Lotto Six-Forty-Enough


Canada's so-called "grey market" for online betting (in which business may be controlled abroad or outside a province, however not by the province itself) has long competed with government-owned entities like Manitoba Liquor and Lotteries Corp.'s PlayNow site. That website is the only authorized one in the province.


However, the CLC and its members have actually been working to raise awareness of and pursue uncontrolled operators, including by intervening with concerns in a court reference in Ontario concerning shared iGaming liquidity.


It was during the hearing for that reference that the union's attorneys were asked if an offshore operator had actually ever been taken to court in Canada. This was apparently not the case till the Bodog case in Manitoba.
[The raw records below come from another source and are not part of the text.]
(* $\mathrm{EquSLP}\leq_{\mathrm{P}}\mathrm{3SoSSLP}$ (polynomial-time many-one reduction).
   Context: A (division-free, constant-free) SLP computing an integer is a sequence $(b_0,\dots,b_m)$ of integers with $b_0=1$ and $b_i=b_j\circ_i b_k$ for some $j,k<i$, $\circ_i\in\{+,-,\times\}$; it computes $b_m$. $\mathrm{EquSLP}$: given an SLP computing $N\in\mathbb{Z}$, decide whether $N=0$. $\mathrm{3SoSSLP}$: given an SLP computing $N\in\mathbb{Z}$, decide whether $N=a^2+b^2+c^2$ for some integers $a,b,c$. *)

From HB Require Import structures.
From mathcomp Require Import all_boot all_order all_algebra.
Set Implicit Arguments. Unset Strict Implicit. Unset Printing Implicit Defensive.
Import Order.TTheory GRing.Theory Num.Theory.
Local Open Scope ring_scope.

(* An SLP (b_0,...,b_m) is given by the list of its m instructions;    *)
(* instruction number i (1-based) computes b_i = b_j op b_k, j,k < i.  *)
Inductive slp_op := OpAdd | OpSub | OpMul.
Record slp_instr := SlpInstr { iop : slp_op; iarg1 : nat; iarg2 : nat }.
Definition SLP := seq slp_instr.

(* well-formedness: the instruction at 0-based position p computes b_(p+1),
   so its arguments must be indices <= p *)
Definition slp_wf (P : SLP) : Prop :=
  forall p, (p < size P)%N ->
    let ins := nth (SlpInstr OpAdd 0 0) P p in
    (iarg1 ins <= p)%N /\ (iarg2 ins <= p)%N.

Definition apply_op (o : slp_op) (x y : int) : int :=
  match o with OpAdd => x + y | OpSub => x - y | OpMul => x * y end.

Definition slp_values (P : SLP) : seq int :=
  foldl (fun vals ins =>
           rcons vals (apply_op (iop ins) (nth 0 vals (iarg1 ins))
                                          (nth 0 vals (iarg2 ins))))
        [:: 1] P.

Definition slp_value (P : SLP) : int := last 1 (slp_values P).

Definition EquSLP (P : SLP) : Prop := slp_value P = 0.
Definition ThreeSoSSLP (P : SLP) : Prop :=
  exists a b c : int, slp_value P = a ^+ 2 + b ^+ 2 + c ^+ 2.

Fixpoint bits_aux (fuel n : nat) : seq bool :=
  match fuel with
  | 0 => [::]
  | f.+1 => if n is 0 then [::] else odd n :: bits_aux f n./2
  end.
(* binary digits, least significant first; 0 has no digits *)
Definition bits (n : nat) : seq bool := bits_aux n n.
(* self-delimiting: each bit b written as "1 b", terminated by "0" *)
Definition enc_nat (n : nat) : seq bool :=
  flatten [seq [:: true; b] | b <- bits n] ++ [:: false].
Definition enc_op (o : slp_op) : seq bool :=
  match o with
  | OpAdd => [:: false; false] | OpSub => [:: false; true]
  | OpMul => [:: true; false] end.
Definition enc_instr (ins : slp_instr) : seq bool :=
  enc_op (iop ins) ++ enc_nat (iarg1 ins) ++ enc_nat (iarg2 ins).
Definition enc_slp (P : SLP) : seq bool := flatten (map enc_instr P).

Inductive move := MoveL | MoveR | MoveS.

Record TM := {
  tm_state : finType;
  tm_sym : finType;
  tm_blank : tm_sym;
  tm_inj : bool -> tm_sym;
  tm_start : tm_state;
  tm_halt : tm_state;
  tm_delta : tm_state -> tm_sym -> tm_state * tm_sym * move
}.

(* configuration: state, left part of tape (nearest cell first),
   scanned symbol, right part; all other cells are blank *)
Record config (M : TM) := Config {
  c_state : tm_state M;
  c_left : seq (tm_sym M);
  c_head : tm_sym M;
  c_right : seq (tm_sym M)
}.

Definition tm_step (M : TM) (c : config M) : config M :=
  let: Config q l h r := c in
  if q == tm_halt M then c else
  let: (q', s, mv) := tm_delta q h in
  match mv with
  | MoveS => Config q' l s r
  | MoveL => Config q' (behead l) (head (tm_blank M) l) (s :: r)
  | MoveR => Config q' (s :: l) (head (tm_blank M) r) (behead r)
  end.

Definition tm_init (M : TM) (x : seq bool) : config M :=
  Config (tm_start M) [::] (head (tm_blank M) (map (tm_inj M) x))
         (behead (map (tm_inj M) x)).

Definition sym_to_bool (M : TM) (s : tm_sym M) : option bool :=
  [pick b : bool | tm_inj M b == s].

Fixpoint read_bits (M : TM) (s : seq (tm_sym M)) : seq bool :=
  match s with
  | [::] => [::]
  | a :: s' => if sym_to_bool a is Some b then b :: read_bits s' else [::]
  end.

Definition tm_output (M : TM) (c : config M) : seq bool :=
  read_bits (c_head c :: c_right c).

(* M computes f within time p(|x|) for some polynomial p *)
Definition poly_time_computable (f : seq bool -> seq bool) : Prop :=
  exists (M : TM) (k : nat), forall x : seq bool,
    let c := iter (k * (size x).+1 ^ k)%N (@tm_step M) (tm_init M x) in
    c_state c = tm_halt M /\ tm_output c = f x.

Definition slp_poly_reducible (A B : SLP -> Prop) : Prop :=
  exists f : seq bool -> seq bool,
    poly_time_computable f /\
    forall P : SLP, slp_wf P ->
      exists Q : SLP, slp_wf Q /\ f (enc_slp P) = enc_slp Q /\ (A P <-> B Q).

From HB Require Import structures.
From mathcomp Require Import all_boot all_order all_algebra zify.
Unset Printing Implicit Defensive.
Import Order.TTheory GRing.Theory Num.Theory.
Lemma schur_test n (Q : nat -> nat -> R) (c : R) g :
  (forall i j, (i < n)%nat -> (j < n)%nat -> 0 <= Q i j) ->
  (forall i j, (i < n)%nat -> (j < n)%nat -> Q i j = Q j i) ->
  (forall i, (i < n)%nat -> rsum n (Q i) <= c) ->
  rsum n (fun a => (rsum n (fun j => Q a j * g j)) ^ 2) <= c ^ 2 * rsum n (fun j => g j ^ 2).
Proof.
  intros Hpos Hsym Hrow.
  destruct n as [|n']; [simpl; lra|].
  assert (Hc : 0 <= c).
  { eapply Rle_trans; [apply rsum_nonneg|apply (Hrow O)]; intros; try apply Hpos; lia. }
  apply Rle_trans with (rsum (S n') (fun a => c * rsum (S n') (fun j => Q a j * g j ^ 2))).
  { apply rsum_le; intros a Ha.
    eapply Rle_trans; [apply rsum_cauchy_schwarz_weighted; intros; apply Hpos; auto|].
    apply Rmult_le_compat_r; auto.
    apply rsum_nonneg; intros j Hj.
    pose proof (Hpos a j Ha Hj); pose proof (pow2_ge_0 (g j)); nra. }
  rewrite rsum_scal_l, rsum_swap.
  replace (c ^ 2 * rsum (S n') (fun j => g j ^ 2))
    with (c * rsum (S n') (fun j => g j ^ 2 * c)) by (rewrite rsum_scal_r; ring).
  apply Rmult_le_compat_l; auto; apply rsum_le; intros j Hj.
  rewrite (rsum_ext _ _ (fun i => g j ^ 2 * Q j i)), rsum_scal_l
    by (intros; rewrite Hsym; auto; ring).
  apply Rmult_le_compat_l; [apply pow2_ge_0|auto].
Qed.

Definition wform n (W : nat -> nat -> R) (u v : nat -> R) : R :=
  rsum n (fun i => rsum n (fun j => W i j * u i * v j)).

Definition lapl_form n (W : nat -> nat -> R) (x y : nat -> R) : R :=
  rsum n (fun i => x i * lapl n W y i).

Lemma lapl_form_eq n W x y :
  lapl_form n W x y = rsum n (fun i => x i * y i) - wform n W x y.
Proof.
  unfold lapl_form, wform, lapl; rewrite <- rsum_minus; apply rsum_ext; intros i _.
  rewrite Rmult_minus_distr_l, <- rsum_scal_l; f_equal; apply rsum_ext; intros; ring.
Qed.
(* Let $\emptyset\neq A\subseteq L^0(E)$ and $1\le s\le p<\infty$. Then: (1) if $\operatorname{chcd}_pA\neq\emptyset$, then $\operatorname{chcd}_0\operatorname{chcd}_pA=\operatorname{chcd}_0A$; (2) $\operatorname{chcd}_p\operatorname{chcd}_0A=\operatorname{chcd}_pA$; (3) $\operatorname{chcd}_p\operatorname{chcd}_pA=\operatorname{chcd}_pA$; (4) $\operatorname{chcd}_p\operatorname{chcd}_sA=\operatorname{chcd}_pA$; (5) if $\operatorname{chcd}_pA\neq\emptyset$, then $\operatorname{chcd}_s\operatorname{chcd}_pA=\operatorname{chcd}_sA$.
   Context: $E$ is a separable Banach space; $(\Omega,\mathcal F,\mathbb P)$ a complete probability space; $L^0(E)$ the a.s.-classes of $E$-valued random variables, $L^q(E)=\{\xi:\mathbb E|\xi|^q<\infty\}$. $\operatorname{chcd}_0$ is the $0$-Choquet convex decomposable hull operator on subsets of $L^0(E)$: for nonempty $B\subseteq L^0(E)$, $\operatorname{chcd}_0B=\operatorname{cl}_0\operatorname{dec}\operatorname{conv}B$, the closure in probability of the set of finite decompositions $\sum_{i=1}^m1_{C_i}\xi_i$ ($(C_i)$ a measurable partition of $\Omega$) of elements $\xi_i$ of the convex hull of $B$, and $\operatorname{chcd}_0\emptyset=\emptyset$; it is extensive, monotone and idempotent. For $q\in[1,\infty)$ and any $B\subseteq L^0(E)$, the (extended) $q$-Choquet convex decomposable hull is $\operatorname{chcd}_qB:=\operatorname{chcd}_0B\cap L^q(E)$ (for $B\subseteq L^q(E)$ this agrees with $\operatorname{cl}_q\operatorname{dec}\operatorname{conv}B$, closure in $L^q$-norm). *)

From HB Require Import structures.
From mathcomp Require Import all_boot all_order all_algebra.
From mathcomp Require Import all_classical all_reals all_analysis.
Set Implicit Arguments. Unset Strict Implicit. Unset Printing Implicit Defensive.
Import Order.TTheory GRing.Theory Num.Theory.
Import numFieldNormedType.Exports.
Local Open Scope classical_set_scope.
Local Open Scope ring_scope.

Section ChoquetHulls.
Context {R : realType} {E : normedModType R} {d : measure_display}
  {Omega : measurableType d} (P : probability Omega R).

Definition borel_meas (f : Omega -> E) : Prop :=
  forall U : set E, open U -> measurable (f @^-1` U).

(* L^0(E), represented by (Borel) measurable representatives. *)
Definition L0 : set (Omega -> E) := [set f | borel_meas f].

Definition Lq (q : R) : set (Omega -> E) :=
  [set f | borel_meas f /\ (\int[P]_x ((`|f x| `^ q)%:E) < +oo)%E].

(* convex hull: finite convex combinations with deterministic weights *)
Definition convh (B : set (Omega -> E)) : set (Omega -> E) :=
  [set f | exists (n : nat) (lam : 'I_n -> R) (xi : 'I_n -> Omega -> E),
     [/\ (forall i, 0 <= lam i), \sum_(i < n) lam i = 1,
         (forall i, B (xi i)) &
         f = (fun x => \sum_(i < n) lam i *: xi i x)]].

Definition dech (B : set (Omega -> E)) : set (Omega -> E) :=
  [set f | exists (m : nat) (C : 'I_m -> set Omega) (xi : 'I_m -> Omega -> E),
     [/\ (forall i, measurable (C i)),
         (forall i j, i != j -> C i `&` C j = set0),
         (forall x, exists i, C i x),
         (forall i, B (xi i)) &
         f = (fun x => \sum_(i < m) (\1_(C i) x : R) *: xi i x)]].

Definition cvg_prob (u : nat -> Omega -> E) (f : Omega -> E) : Prop :=
  forall e : R, 0 < e ->
    (fun n => P [set x | e < `|u n x - f x|]) @ \oo --> 0%E.

(* closure in probability inside L^0(E) (L^0 is metrizable, so the closure
   is the sequential closure) *)
Definition cl0 (B : set (Omega -> E)) : set (Omega -> E) :=
  [set f | L0 f /\ exists u : nat -> Omega -> E,
     (forall n, B (u n)) /\ cvg_prob u f].

(* 0-Choquet convex decomposable hull (gives set0 on set0 automatically) *)
Definition chcd0 (B : set (Omega -> E)) : set (Omega -> E) :=
  cl0 (dech (convh B)).

Definition chcdq (q : R) (B : set (Omega -> E)) : set (Omega -> E) :=
  chcd0 B `&` Lq q.

End ChoquetHulls.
Running out of shades of 'grey'


The grey market is now getting squeezed like never before in Canada.


While Alberta is moving toward something similar, Ontario is the only province in Canada that licenses private-sector operators of online sportsbooks and casinos to take bets from its residents.


A few of those operators were previously "grey" entities before provided the possibility to shift into Ontario's brand-new, regulated iGaming market. That has actually allowed Ontario to move more than 80% of all online gambling in the province onto in your area regulated apps and sites.


Bodog, however, stays uncontrolled by Canada's most populated province. This just recently resulted in the operator being singled out by the Alcohol and Gaming Commission of Ontario as a bookie that media business must stop promoting.


Required to (obedience) school


Meanwhile, the non-Alberta and non-Ontario lottos are pursuing uncontrolled operators in their own method, such as with the Manitoba court injunction. In Manitoba, the lottery coalition had actually alleged Bodog was operating unlawfully in the province.


The injunction that was consequently provided by Court of King's Bench Judge Jeffrey Harris on May 26 likewise needs Bodog to put in location "geo-blocking technology" on its.eu site (the one where users can bet genuine cash) to stop Manitobans from accessing its product or services.


No orders were issued particularly for Bodog's ". net" site (and the judge's reasons have actually not yet been released), which says it is for "totally free play" and "amusement purposes only."


Even so, both the operator's. eu and.net sites were named by the judge in the order as having no right to provide online Manitoba sports wagering or gambling establishment games in the province. Bodog did disappoint approximately defend itself in the Manitoba court.